Task goal
Below are some records. Return exactly the lines from the one containing "(forall a, A a -> S" through the one containing "x|%:E | x in K].", both included, and only those.

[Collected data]
*** Begin section ***

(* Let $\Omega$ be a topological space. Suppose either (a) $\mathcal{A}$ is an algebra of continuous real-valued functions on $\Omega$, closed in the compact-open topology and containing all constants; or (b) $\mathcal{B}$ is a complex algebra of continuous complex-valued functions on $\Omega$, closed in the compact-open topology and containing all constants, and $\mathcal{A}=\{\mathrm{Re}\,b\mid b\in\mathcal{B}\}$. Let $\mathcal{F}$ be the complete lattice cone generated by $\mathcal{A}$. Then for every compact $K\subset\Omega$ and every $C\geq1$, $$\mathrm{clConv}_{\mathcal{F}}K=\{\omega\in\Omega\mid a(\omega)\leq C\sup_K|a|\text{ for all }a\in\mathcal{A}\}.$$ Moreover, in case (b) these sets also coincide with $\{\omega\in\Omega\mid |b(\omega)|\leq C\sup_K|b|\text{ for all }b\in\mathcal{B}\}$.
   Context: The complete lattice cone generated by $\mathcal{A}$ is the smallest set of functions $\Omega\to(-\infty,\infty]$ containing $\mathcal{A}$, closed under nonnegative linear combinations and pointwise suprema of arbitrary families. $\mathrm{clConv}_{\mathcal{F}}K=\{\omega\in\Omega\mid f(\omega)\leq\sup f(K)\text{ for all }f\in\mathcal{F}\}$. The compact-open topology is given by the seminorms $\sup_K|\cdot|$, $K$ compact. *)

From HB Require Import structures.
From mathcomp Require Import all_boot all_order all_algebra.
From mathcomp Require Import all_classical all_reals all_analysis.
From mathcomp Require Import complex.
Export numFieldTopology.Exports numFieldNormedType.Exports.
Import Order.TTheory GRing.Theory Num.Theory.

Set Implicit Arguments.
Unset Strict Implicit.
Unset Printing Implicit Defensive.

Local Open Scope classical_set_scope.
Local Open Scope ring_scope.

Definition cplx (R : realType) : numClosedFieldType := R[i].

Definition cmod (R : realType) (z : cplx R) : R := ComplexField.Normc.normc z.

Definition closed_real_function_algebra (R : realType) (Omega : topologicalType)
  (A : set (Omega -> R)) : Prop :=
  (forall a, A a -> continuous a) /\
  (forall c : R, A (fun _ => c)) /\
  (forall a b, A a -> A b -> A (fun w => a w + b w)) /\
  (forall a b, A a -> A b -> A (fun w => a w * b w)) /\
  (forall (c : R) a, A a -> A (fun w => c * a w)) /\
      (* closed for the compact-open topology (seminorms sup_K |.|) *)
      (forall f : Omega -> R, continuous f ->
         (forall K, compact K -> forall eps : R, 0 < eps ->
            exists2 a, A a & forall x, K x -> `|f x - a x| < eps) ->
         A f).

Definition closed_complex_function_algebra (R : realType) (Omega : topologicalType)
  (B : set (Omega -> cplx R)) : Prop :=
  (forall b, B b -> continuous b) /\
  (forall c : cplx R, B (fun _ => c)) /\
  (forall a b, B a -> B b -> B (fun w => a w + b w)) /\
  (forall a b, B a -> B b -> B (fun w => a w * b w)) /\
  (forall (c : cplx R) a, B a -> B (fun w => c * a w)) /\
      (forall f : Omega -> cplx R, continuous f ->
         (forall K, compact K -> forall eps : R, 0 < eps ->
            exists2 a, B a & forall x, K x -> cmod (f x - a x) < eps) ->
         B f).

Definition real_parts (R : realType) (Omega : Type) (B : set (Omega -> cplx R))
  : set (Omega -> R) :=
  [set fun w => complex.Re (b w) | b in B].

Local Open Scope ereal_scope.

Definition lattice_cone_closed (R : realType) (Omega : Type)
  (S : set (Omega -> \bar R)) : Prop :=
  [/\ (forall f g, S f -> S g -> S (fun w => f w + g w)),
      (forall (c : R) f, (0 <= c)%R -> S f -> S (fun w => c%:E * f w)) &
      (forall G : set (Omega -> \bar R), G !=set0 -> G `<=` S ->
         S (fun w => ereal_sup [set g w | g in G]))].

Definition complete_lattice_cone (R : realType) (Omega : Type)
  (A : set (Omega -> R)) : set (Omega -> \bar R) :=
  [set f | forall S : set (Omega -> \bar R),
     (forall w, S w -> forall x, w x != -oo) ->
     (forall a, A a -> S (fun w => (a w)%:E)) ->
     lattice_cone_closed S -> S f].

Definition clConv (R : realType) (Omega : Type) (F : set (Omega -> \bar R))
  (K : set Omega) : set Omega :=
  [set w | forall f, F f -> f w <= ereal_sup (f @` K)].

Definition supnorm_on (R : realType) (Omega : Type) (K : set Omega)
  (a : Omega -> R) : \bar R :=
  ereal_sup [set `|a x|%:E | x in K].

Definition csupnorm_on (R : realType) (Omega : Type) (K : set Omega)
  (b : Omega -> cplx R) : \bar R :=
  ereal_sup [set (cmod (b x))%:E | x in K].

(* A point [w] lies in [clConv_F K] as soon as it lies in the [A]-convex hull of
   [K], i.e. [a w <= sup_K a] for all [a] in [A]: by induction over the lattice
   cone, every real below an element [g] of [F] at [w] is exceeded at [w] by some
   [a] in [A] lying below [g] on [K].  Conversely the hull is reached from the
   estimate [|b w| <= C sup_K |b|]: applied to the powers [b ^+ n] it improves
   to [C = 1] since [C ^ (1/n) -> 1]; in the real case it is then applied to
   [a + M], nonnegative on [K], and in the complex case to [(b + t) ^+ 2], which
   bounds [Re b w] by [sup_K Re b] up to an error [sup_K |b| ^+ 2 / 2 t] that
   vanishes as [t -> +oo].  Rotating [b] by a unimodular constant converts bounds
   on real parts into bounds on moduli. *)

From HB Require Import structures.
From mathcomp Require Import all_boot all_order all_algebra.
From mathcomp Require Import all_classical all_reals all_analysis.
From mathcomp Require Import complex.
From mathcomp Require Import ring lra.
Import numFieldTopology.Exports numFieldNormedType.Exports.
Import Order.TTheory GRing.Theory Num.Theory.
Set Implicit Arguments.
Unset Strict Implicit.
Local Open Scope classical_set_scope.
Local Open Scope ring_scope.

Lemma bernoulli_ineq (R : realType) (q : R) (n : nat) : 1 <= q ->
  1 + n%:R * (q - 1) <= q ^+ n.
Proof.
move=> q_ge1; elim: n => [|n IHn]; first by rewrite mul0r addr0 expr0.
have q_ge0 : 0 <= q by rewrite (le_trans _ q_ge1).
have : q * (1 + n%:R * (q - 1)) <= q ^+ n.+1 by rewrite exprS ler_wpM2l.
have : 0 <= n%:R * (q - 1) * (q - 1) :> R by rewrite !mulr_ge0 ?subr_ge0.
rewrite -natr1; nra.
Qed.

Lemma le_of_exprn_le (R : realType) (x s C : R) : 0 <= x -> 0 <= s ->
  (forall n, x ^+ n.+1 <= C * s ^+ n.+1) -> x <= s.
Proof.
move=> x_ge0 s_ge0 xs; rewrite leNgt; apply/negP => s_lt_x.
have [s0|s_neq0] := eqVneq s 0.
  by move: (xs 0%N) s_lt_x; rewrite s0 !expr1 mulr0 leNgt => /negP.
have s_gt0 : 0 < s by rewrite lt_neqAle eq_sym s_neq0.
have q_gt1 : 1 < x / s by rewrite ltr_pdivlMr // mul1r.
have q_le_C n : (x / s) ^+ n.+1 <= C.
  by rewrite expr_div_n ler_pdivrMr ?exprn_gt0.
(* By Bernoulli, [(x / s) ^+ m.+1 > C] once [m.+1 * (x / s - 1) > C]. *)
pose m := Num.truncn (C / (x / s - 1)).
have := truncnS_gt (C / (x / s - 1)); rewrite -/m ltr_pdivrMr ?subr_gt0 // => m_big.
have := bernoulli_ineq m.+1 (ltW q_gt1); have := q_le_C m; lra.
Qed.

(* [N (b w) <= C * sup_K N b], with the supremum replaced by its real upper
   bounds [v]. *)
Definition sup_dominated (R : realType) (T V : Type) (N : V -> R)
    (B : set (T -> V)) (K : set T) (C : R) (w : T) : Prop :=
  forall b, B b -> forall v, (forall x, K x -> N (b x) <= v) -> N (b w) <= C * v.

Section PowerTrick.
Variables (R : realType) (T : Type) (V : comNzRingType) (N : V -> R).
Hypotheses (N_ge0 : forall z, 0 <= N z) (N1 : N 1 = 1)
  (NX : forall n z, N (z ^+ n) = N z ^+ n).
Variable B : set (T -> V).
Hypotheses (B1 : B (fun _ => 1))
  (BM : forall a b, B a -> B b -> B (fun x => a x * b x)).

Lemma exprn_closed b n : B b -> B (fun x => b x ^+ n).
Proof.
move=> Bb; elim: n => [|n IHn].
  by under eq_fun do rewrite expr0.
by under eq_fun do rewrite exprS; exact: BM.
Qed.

*** End section ***

Answer below
     (forall a, A a -> S (fun w => (a w)%:E)) ->
     lattice_cone_closed S -> S f].

Definition clConv (R : realType) (Omega : Type) (F : set (Omega -> \bar R))
  (K : set Omega) : set Omega :=
  [set w | forall f, F f -> f w <= ereal_sup (f @` K)].

Definition supnorm_on (R : realType) (Omega : Type) (K : set Omega)
  (a : Omega -> R) : \bar R :=
  ereal_sup [set `|a x|%:E | x in K].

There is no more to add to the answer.